Task objective => Copy out the line bearing "Hypotheses (mf : measurable_fun" and all the lines after it, to the very end of the material below, exactly as written.

Data for this task =>
Section PseudoMultIntegral.
Context {d : measure_display} {T : measurableType d} {R : realType}.
Local Open Scope ereal_scope.
Variables (pm : \bar R -> \bar R -> \bar R) (e : \bar R) (m : set T -> \bar R).
Hypotheses (pmH : is_pseudo_mult pm e) (mH : is_monotone_measure m).

Let pm_set0 t : 0 <= t -> pm t (m set0) = 0.
Proof. by have [_ _ pm0 _ _] := pmH; have [-> _ _ _] := mH; case/pm0. Qed.

Let superlevel_fin (h : T -> R) (t : R) :
  [set x | t%:E <= (h x)%:E] = [set x | (t <= h x)%R].
Proof. by apply/seteqP; split => x /=; rewrite lee_fin. Qed.

Lemma Iint_ge0 (h : T -> R) : 0 <= Iint pm m (fun x => (h x)%:E).
Proof.
apply: le_trans (Iint_ub pm m _ (ltry 0%R)).
rewrite (_ : [set x | _ <= _] = set0) ?pm_set0 //.
by apply/seteqP; split => x //=; rewrite leNgt ltey.
Qed.

Lemma le_Iint (h : T -> R) (t : R) (C : set T) : (0 <= t)%R ->
  measurable C -> measurable [set x | (t <= h x)%R] ->
  C `<=` [set x | (t <= h x)%R] ->
  pm t%:E (m C) <= Iint pm m (fun x => (h x)%:E).
Proof.
have [_ pm_homo pm0 _ _] := pmH; have [_ _ m_ge0 m_homo] := mH.
rewrite le_eqVlt => /predU1P[<- mC _ _|t_gt0 mC mS CS].
  by have [-> _] := pm0 _ (m_ge0 _ mC); exact: Iint_ge0.
apply: le_trans (Iint_ub pm m _ (t_gt0 : 0 < t%:E)); rewrite superlevel_fin.
by apply: pm_homo; rewrite ?lee_fin ?(ltW t_gt0) ?m_ge0 ?m_homo.
Qed.

Hypothesis pm_mT : forall a, 0 <= a -> pm a (m setT) <= a.

Section Superlevel.
Variables (U : R -> R) (f : T -> R).
Hypotheses (mf : measurable_fun setT f) (f0 : forall x, (0 <= f x)%R).
Hypothesis hU : cont_strict_incr U.
Local Notation IUf := (Iint pm m (fun x => (U (f x))%:E)).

Result =>
Hypotheses (mf : measurable_fun setT f) (f0 : forall x, (0 <= f x)%R).
Hypothesis hU : cont_strict_incr U.
Local Notation IUf := (Iint pm m (fun x => (U (f x))%:E)).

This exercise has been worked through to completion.